__WORK TASK__: In the material below, find the line that contains "destruct (has_arrow_psup_p _" and the line that contains "subty E A B -> has_arrow A -> has_arrow B.", then write out exactly those two lines and everything between them.
====== INPUT DATA
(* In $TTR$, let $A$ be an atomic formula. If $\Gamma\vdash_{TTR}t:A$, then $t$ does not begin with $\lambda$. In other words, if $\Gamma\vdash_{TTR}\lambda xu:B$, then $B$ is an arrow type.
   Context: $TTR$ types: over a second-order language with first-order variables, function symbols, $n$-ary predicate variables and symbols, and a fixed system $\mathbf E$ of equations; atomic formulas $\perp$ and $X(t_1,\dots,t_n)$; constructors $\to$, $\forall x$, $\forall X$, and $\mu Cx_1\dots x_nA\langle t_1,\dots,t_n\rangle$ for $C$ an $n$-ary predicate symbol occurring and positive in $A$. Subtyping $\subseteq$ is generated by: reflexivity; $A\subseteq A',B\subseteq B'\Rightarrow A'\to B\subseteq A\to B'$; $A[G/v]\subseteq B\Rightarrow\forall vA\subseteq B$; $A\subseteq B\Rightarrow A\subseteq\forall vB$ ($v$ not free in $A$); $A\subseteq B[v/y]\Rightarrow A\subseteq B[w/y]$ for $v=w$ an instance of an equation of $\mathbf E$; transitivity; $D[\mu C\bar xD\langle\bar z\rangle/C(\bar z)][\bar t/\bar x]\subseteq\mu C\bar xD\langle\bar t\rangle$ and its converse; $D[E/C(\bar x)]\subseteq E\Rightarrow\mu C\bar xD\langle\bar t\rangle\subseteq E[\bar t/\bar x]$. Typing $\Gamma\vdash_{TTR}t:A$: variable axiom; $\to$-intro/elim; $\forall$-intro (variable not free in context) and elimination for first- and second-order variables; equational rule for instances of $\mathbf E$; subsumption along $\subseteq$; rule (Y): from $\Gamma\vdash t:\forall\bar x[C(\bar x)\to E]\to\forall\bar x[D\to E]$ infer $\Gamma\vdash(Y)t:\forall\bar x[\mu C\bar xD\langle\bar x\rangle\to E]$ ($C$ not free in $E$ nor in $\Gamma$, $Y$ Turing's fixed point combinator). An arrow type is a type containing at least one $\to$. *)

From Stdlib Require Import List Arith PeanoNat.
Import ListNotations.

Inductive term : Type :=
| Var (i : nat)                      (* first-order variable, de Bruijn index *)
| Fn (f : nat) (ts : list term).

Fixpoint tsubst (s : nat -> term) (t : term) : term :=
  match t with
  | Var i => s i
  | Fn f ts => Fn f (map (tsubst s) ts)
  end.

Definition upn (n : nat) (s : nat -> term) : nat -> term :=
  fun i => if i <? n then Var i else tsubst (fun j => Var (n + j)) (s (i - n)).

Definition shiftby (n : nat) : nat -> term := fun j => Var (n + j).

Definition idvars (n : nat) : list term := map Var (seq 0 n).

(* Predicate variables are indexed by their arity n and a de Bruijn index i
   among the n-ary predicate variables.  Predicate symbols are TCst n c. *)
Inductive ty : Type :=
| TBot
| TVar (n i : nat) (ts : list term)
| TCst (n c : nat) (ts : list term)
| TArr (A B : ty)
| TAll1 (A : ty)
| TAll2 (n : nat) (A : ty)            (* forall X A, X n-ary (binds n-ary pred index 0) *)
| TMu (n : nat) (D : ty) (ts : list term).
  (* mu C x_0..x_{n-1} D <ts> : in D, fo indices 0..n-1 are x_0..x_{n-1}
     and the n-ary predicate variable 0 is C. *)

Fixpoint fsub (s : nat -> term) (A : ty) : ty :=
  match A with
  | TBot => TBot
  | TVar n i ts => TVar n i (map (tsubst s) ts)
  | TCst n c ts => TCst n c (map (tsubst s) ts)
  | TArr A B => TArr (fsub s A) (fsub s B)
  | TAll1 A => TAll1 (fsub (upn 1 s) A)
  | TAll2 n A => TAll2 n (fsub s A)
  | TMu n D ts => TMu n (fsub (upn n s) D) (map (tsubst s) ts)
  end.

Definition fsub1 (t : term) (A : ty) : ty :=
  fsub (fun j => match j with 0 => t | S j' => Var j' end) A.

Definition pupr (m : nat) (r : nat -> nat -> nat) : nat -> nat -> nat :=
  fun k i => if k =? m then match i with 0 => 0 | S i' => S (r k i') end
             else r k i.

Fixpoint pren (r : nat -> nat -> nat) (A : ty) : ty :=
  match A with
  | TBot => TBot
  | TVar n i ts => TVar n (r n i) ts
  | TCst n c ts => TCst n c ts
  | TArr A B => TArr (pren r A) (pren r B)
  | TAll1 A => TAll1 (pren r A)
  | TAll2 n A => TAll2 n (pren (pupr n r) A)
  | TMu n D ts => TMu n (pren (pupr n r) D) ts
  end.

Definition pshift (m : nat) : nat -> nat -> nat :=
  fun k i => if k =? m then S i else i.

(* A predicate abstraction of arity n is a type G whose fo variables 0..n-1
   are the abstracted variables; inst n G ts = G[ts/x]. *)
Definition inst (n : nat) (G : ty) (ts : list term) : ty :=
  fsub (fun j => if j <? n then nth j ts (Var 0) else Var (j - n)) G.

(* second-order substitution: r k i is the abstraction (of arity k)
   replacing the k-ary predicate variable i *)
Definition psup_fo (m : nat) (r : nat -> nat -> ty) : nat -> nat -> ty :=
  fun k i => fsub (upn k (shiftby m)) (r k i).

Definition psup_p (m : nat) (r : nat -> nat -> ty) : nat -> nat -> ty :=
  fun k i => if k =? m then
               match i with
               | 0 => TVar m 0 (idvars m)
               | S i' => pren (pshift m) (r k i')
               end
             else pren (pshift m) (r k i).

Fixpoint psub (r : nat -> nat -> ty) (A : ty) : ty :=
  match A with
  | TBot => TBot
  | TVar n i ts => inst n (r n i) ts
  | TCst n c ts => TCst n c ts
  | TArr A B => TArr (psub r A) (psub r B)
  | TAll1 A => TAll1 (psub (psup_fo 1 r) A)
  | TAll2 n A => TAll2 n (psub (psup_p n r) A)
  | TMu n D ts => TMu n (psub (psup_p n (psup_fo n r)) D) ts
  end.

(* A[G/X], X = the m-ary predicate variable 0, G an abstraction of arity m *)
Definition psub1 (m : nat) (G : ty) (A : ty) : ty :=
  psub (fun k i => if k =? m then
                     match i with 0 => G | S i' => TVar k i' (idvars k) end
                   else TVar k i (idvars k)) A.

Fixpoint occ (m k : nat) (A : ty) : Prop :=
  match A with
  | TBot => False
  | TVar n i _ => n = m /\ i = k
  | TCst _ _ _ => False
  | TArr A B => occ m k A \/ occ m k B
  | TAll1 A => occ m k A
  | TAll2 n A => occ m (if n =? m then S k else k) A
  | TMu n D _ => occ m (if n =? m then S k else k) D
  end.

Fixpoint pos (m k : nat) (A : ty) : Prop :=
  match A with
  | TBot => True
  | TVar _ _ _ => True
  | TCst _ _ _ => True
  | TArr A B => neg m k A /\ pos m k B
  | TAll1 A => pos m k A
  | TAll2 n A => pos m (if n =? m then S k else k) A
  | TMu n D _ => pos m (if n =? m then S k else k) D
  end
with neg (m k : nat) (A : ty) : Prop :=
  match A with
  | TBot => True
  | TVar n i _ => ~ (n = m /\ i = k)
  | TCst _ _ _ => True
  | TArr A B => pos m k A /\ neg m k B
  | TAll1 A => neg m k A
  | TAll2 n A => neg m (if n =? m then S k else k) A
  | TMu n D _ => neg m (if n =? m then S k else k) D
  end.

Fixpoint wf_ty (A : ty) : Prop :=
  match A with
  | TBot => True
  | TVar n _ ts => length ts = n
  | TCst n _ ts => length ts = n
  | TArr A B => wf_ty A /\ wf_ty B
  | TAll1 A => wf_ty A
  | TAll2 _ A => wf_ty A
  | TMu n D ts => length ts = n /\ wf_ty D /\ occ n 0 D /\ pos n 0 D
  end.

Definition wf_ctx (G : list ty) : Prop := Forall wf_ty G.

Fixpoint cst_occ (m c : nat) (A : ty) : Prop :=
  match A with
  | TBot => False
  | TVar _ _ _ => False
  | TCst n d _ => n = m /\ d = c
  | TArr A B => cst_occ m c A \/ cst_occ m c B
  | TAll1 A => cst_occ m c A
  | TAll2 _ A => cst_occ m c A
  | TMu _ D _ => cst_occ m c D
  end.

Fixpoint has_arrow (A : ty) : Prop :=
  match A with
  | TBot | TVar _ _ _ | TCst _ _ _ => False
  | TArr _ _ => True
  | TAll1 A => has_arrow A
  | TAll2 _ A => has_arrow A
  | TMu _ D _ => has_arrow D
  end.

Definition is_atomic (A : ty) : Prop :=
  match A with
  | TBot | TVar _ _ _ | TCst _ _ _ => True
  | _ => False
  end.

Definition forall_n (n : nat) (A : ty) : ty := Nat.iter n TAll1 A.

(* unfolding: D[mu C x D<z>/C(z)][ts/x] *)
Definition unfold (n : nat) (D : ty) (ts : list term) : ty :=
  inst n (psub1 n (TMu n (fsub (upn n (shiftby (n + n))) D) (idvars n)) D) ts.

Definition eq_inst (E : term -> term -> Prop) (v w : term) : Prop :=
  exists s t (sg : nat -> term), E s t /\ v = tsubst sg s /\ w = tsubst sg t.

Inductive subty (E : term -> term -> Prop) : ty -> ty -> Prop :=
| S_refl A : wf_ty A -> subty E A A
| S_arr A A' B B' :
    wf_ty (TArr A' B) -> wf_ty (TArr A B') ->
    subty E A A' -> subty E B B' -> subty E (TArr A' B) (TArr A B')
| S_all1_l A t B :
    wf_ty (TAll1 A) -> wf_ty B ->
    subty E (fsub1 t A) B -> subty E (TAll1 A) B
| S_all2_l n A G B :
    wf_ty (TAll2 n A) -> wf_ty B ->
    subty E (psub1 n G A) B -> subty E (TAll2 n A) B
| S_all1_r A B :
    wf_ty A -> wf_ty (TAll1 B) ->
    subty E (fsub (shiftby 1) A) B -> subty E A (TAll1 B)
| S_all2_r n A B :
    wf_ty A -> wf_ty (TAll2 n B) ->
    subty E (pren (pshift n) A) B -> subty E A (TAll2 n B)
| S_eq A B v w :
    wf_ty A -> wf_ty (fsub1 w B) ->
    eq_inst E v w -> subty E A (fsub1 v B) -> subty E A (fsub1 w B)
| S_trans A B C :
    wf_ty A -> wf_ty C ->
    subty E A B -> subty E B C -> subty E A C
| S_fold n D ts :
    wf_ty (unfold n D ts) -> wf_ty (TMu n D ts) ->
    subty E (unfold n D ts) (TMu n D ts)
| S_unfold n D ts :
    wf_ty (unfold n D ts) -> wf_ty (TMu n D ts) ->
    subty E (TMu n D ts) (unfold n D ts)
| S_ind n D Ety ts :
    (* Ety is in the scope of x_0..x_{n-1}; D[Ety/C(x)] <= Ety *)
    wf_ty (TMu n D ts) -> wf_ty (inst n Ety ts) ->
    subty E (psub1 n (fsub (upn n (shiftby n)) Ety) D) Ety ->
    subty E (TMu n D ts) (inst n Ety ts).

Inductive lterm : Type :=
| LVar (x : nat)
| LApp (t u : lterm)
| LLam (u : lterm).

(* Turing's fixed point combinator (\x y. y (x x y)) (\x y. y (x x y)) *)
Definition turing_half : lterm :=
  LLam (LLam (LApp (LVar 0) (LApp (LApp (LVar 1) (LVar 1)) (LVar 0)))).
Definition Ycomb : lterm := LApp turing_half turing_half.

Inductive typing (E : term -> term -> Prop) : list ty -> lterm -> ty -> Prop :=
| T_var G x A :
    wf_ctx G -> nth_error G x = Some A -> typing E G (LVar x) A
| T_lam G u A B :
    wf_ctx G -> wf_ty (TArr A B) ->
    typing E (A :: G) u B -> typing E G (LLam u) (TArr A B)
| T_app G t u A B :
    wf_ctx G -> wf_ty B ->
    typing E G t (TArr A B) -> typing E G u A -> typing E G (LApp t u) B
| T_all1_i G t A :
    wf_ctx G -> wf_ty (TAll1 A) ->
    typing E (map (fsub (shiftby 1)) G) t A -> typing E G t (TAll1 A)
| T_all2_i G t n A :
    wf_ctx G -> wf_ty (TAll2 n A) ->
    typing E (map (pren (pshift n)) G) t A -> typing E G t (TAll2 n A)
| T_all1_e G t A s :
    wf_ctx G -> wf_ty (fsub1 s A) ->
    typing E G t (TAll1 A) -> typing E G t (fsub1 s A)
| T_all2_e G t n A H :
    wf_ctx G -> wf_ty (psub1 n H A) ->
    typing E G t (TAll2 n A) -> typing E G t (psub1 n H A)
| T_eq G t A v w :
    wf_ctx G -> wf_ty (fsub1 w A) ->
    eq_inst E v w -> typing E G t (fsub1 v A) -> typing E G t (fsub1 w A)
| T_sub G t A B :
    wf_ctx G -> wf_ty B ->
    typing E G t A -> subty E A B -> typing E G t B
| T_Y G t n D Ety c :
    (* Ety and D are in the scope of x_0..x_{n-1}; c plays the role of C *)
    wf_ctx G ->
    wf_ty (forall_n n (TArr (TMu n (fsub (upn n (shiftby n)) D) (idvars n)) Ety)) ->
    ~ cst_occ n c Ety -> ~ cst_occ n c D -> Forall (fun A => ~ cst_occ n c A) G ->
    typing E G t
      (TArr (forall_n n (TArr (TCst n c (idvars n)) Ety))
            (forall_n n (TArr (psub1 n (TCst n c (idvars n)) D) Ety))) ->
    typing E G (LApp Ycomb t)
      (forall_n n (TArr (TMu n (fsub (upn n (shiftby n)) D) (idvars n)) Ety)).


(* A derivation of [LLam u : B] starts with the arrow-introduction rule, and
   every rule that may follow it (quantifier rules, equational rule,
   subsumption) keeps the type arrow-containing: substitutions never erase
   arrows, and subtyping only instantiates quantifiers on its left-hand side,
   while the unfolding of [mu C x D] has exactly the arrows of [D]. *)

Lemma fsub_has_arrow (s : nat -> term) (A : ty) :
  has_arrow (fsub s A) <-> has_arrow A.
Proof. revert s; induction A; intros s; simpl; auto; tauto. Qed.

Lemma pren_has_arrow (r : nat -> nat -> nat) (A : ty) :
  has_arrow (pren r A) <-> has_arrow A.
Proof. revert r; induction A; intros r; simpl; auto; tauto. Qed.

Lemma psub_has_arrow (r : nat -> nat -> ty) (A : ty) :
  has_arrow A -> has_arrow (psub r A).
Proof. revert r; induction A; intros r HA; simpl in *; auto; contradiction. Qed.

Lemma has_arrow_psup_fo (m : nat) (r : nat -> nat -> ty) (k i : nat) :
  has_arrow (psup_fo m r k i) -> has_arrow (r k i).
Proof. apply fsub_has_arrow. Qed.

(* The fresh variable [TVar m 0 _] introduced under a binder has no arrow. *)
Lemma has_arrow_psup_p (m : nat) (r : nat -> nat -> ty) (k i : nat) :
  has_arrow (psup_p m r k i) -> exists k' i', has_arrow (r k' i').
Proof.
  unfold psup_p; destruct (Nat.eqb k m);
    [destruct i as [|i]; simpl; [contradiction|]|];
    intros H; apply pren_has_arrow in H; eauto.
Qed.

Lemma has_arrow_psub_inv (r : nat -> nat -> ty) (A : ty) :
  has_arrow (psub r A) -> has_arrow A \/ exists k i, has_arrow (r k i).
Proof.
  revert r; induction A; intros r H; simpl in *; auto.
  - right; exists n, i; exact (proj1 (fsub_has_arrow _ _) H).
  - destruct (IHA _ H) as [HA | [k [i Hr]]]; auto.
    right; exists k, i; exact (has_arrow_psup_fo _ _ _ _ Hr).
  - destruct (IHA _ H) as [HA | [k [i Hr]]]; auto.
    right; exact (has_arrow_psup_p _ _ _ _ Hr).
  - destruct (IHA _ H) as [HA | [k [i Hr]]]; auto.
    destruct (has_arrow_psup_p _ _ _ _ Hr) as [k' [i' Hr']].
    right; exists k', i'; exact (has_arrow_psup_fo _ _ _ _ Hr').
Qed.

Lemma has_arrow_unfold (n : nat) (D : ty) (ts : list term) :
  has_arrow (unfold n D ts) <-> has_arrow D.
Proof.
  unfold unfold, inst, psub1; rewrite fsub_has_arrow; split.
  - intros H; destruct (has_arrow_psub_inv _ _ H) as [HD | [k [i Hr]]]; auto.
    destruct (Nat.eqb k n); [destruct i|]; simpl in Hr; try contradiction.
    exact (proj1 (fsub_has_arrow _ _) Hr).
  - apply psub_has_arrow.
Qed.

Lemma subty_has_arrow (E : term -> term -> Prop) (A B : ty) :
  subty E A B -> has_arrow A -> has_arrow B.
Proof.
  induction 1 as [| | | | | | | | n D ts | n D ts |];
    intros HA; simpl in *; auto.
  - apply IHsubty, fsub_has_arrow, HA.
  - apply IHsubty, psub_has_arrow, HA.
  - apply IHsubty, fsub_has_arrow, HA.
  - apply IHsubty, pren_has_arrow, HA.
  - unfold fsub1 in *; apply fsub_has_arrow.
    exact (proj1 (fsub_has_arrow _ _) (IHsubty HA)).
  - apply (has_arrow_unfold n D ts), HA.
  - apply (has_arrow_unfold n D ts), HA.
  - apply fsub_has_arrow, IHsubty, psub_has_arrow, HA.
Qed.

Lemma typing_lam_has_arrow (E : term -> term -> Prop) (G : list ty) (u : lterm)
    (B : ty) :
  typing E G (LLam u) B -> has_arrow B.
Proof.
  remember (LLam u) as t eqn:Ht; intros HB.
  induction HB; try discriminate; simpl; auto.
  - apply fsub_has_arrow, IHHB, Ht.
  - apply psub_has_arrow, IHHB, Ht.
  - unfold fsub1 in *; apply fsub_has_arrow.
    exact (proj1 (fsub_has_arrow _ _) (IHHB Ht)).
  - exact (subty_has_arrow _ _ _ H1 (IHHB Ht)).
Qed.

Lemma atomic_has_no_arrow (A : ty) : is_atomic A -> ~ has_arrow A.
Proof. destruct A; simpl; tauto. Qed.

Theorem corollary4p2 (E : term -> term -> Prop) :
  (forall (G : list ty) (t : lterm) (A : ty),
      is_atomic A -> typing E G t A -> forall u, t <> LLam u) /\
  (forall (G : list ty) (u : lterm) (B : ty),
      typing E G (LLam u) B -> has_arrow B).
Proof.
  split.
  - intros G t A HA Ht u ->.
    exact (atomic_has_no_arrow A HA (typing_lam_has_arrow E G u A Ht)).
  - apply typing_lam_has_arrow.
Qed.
============
__SOLUTION TO THIS TASK__:
    destruct (has_arrow_psup_p _ _ _ _ Hr) as [k' [i' Hr']].
    right; exists k', i'; exact (has_arrow_psup_fo _ _ _ _ Hr').
Qed.

Lemma has_arrow_unfold (n : nat) (D : ty) (ts : list term) :
  has_arrow (unfold n D ts) <-> has_arrow D.
Proof.
  unfold unfold, inst, psub1; rewrite fsub_has_arrow; split.
  - intros H; destruct (has_arrow_psub_inv _ _ H) as [HD | [k [i Hr]]]; auto.
    destruct (Nat.eqb k n); [destruct i|]; simpl in Hr; try contradiction.
    exact (proj1 (fsub_has_arrow _ _) Hr).
  - apply psub_has_arrow.
Qed.

Lemma subty_has_arrow (E : term -> term -> Prop) (A B : ty) :
  subty E A B -> has_arrow A -> has_arrow B.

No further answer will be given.